During the meal, I noticed my friends beaming, and upon departing the restaurant, they admitted that there were few places in Paris where they could eat as well.
After they left town, I found myself longing for France and thought of Balthazar (80 Spring St.; 212-965-1414), since this wildly popular brasserie has an authentic Parisian look and feel. Bal-thazar has become even better known, though, for its busy signal (it can take 30 minutes to get through) and for the amount of time the reservationist keeps you on hold (20 minutes or so). Unless your face is on billboards or your name on underwear, the reservations game, shall we say, favors the house. When I told a friend how much time I'd wasted, he said, "Even the French at their most French don't make things that difficult. Forget Balthazar." And then I remembered Jean Claude (137 Sullivan St.; 212-475-9232).
The only phone in this small bistro, opened six years ago by Jean-Claude Iacovelli, is a pay phone by the rest rooms, but there's no need to call in advance because the restaurant doesn't take reservations. While this means there may be a wait, the reward is terrific food that doesn't cost much. Where else can $8 satisfy a craving for foie gras? A wonderful appetizer of thin curls of squid in a slick of coriander, cayenne, curry and cinnamon costs even less. To follow, there's perfectly slow-roasted lamb with garlic and thyme. The trade-off is that the dining room is packed shoulder to shoulder, payment is cash only and service can be with or without charm, depending on some unfathomable Gallic calculation.

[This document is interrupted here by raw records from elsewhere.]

Section Reps.
Variables (K : fieldType) (V A : finType) (s t : A -> V).

(* representations: vector spaces K^(rdim v), arrows acting on row vectors *)
Record rep := Rep {
  rdim : V -> nat;
  rmat : forall a : A, 'M[K]_(rdim (s a), rdim (t a)) }.

Fixpoint killed (M : rep) (m : nat) (x : V) (N : 'M[K]_(m, rdim M x))
  (p : seq A) {struct p} : bool :=
  match p with
  | [::] => N == 0
  | a :: p' =>
    match (x =P s a) with
    | ReflectT e => killed (castmx (erefl m, congr1 (rdim M) e) N *m rmat M a) p'
    | ReflectF _ => true
    end
  end.

Definition isMod (rels : seq (seq A)) (M : rep) : Prop :=
  forall r, r \in rels ->
    match r with
    | a :: _ => killed (1%:M : 'M[K]_(rdim M (s a))) r
    | [::] => true
    end.

Definition homT (M N : rep) := forall v : V, 'M[K]_(rdim M v, rdim N v).
Definition is_hom (M N : rep) (f : homT M N) : Prop :=
  forall a : A, rmat M a *m f (t a) = f (s a) *m rmat N a.
(* composition: first f, then g *)
Definition hcomp (M N P : rep) (f : homT M N) (g : homT N P) : homT M P :=
  fun v => f v *m g v.
Definition hid (M : rep) : homT M M := fun v => 1%:M.
Definition hzero (M N : rep) : homT M N := fun v => 0.
Definition heq (M N : rep) (f g : homT M N) : Prop := forall v, f v = g v.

One Saturday night soon after I ate at Jean Claude, I walked by Moomba (133 Seventh Ave. S.; 212-989-1414), another Manhattan restaurant with a buzz. But you certainly can't see the action from the street. Although the restaurant has big windows, they are covered with thick curtains. Want to peek in the door? Not very likely, since you have to pass a velvet rope and a bouncer. I don't suppose Moomba will win any hospitality awards, and it probably doesn't care to. For that, I can always count on chef-owner Alan Tardi's gracious Follonico (6 W. 24th St.; 212-691-6359).
Follonico has the understated appeal of an Italian countryside inn. Four years ago, I thought that I'd discovered the restaurant, but I have since come to realize that everyone has the same proprietary feeling about it. Having eaten here so many times, I can report that I've had good meals and exceptional ones. I've never left unhappy.

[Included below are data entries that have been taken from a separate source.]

(* Let $\alpha_s=(1+\rho)/\rho$ and for $x^n\in\{0,1\}^n$ let $\ell_s(x^n)=\lceil-\log_2(\alpha_s p(x^n))\rceil+1$. Define the Shannon–Fano–Elias–Gray (SFEG) code $\phi_{\mathrm{SFEG}}:\{0,1\}^n\to\{0,1\}^*$ by letting $\phi_{\mathrm{SFEG}}(x^n)$ be the binary string of length $\ell_s(x^n)$ consisting of the first $\ell_s(x^n)$ bits of the binary expansion of $F(x^n-1)+p(x^n)/2$, where $F$ is the cumulative distribution function under Gray order. Then (a) $\phi_{\mathrm{SFEG}}$ is uniquely decodable, i.e. the map $(x^n_{(1)},\dots,x^n_{(k)})\mapsto\phi_{\mathrm{SFEG}}(x^n_{(1)})\cdots\phi_{\mathrm{SFEG}}(x^n_{(k)})$ (concatenation), taken over all $k\ge 1$ and all $k$-tuples of sequences in $\{0,1\}^n$, is injective; and (b) for $X^n$ i.i.d. with distribution $p$, $$\mathbb{E}\big[|\phi_{\mathrm{SFEG}}(X^n)|\big]<nH(X)+2-\log_2\frac{1+\rho}{\rho},$$ where $|u|$ is the length of a string $u$ and $H(X)=-p(0)\log_2p(0)-p(1)\log_2p(1)$.
   Context: Let $p$ be a probability distribution on $\{0,1\}$ with $p(0),p(1)\in(0,1)$ and $p(0)\ne p(1)$, and set $\rho=\max\{p(0)/p(1),p(1)/p(0)\}\in(1,\infty)$. For $x^n=(x_1,\dots,x_n)\in\{0,1\}^n$, $p(x^n)=\prod_{i=1}^n p(x_i)$. Gray code is the bijection $g:\{0,1\}^n\to\{0,1\}^n$, $g(x^n)=x^n\oplus(0,x_1,\dots,x_{n-1})$ (bitwise XOR of $x^n$ with its one-bit right shift). Gray order $\preceq_G$ on $\{0,1\}^n$ is defined by $x^n\preceq_G y^n$ iff $g^{-1}(x^n)\preceq_L g^{-1}(y^n)$, where $\preceq_L$ is the lexicographic order. For $x^n$ not the largest element, $x^n+1$ denotes its immediate successor in Gray order; for $x^n$ not the smallest element, $x^n-1$ denotes its immediate predecessor. The cumulative distribution function is $F(x^n)=\sum_{a^n\preceq_G x^n}p(a^n)$, with the convention $F(x^n-1):=0$ when $x^n$ is the smallest element in Gray order. Logarithms are base 2. *)

From Stdlib Require Import Reals Lra Lia ZArith List.
Import ListNotations.
Open Scope R_scope.

(* Binary strings are lists of booleans; bit 0 = false, bit 1 = true. *)

Definition log2 (x : R) : R := ln x / ln 2.

Definition floorR (r : R) : Z := (up r - 1)%Z.
Definition ceilR (r : R) : Z := (- floorR (- r))%Z.

Definition pseq (p : bool -> R) (x : list bool) : R :=
  fold_right (fun b r => p b * r) 1 x.

Fixpoint all_seqs (n : nat) : list (list bool) :=
  match n with
  | O => [ [] ]
  | S m => map (cons false) (all_seqs m) ++ map (cons true) (all_seqs m)
  end.

Definition sumR {A : Type} (f : A -> R) (l : list A) : R :=
  fold_right (fun a s => f a + s) 0 l.

(* Gray code g(x) = x XOR (0, x_1, ..., x_{n-1}) *)
Fixpoint gray_aux (prev : bool) (x : list bool) : list bool :=
  match x with
  | [] => []
  | a :: t => xorb a prev :: gray_aux a t
  end.
Definition gray (x : list bool) : list bool := gray_aux false x.

(* its inverse: x_i = y_1 xor ... xor y_i *)
Fixpoint gray_inv_aux (acc : bool) (y : list bool) : list bool :=
  match y with
  | [] => []
  | b :: t => xorb acc b :: gray_inv_aux (xorb acc b) t
  end.
Definition gray_inv (y : list bool) : list bool := gray_inv_aux false y.

Fixpoint lex_le (x y : list bool) : bool :=
  match x, y with
  | [], _ => true
  | _ :: _, [] => false
  | a :: x', b :: y' =>
      if Bool.eqb a b then lex_le x' y' else andb (negb a) b
  end.
Definition lex_lt (x y : list bool) : bool :=
  andb (lex_le x y) (negb (lex_le y x)).

Definition gray_le (x y : list bool) : bool := lex_le (gray_inv x) (gray_inv y).
Definition gray_lt (x y : list bool) : bool := lex_lt (gray_inv x) (gray_inv y).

I like to start with a hot bath: the Piedmontese bagna cauda, a pot of oil, garlic and anchovy, into which you dip vegetables. The delightful fazzoletto is a thin blanket of pasta, with herbs or flowers pressed into it, on a ragout that may contain morels, fiddlehead ferns and wild leeks. Tardi also takes a whole fish (usually red snapper), stuffs it with herbs and bakes it in a crust of spices and rock salt, which preserves the pristine flavors.
Restaurants with bouncers must know the clock is running. At Follonico, time has a way of standing still.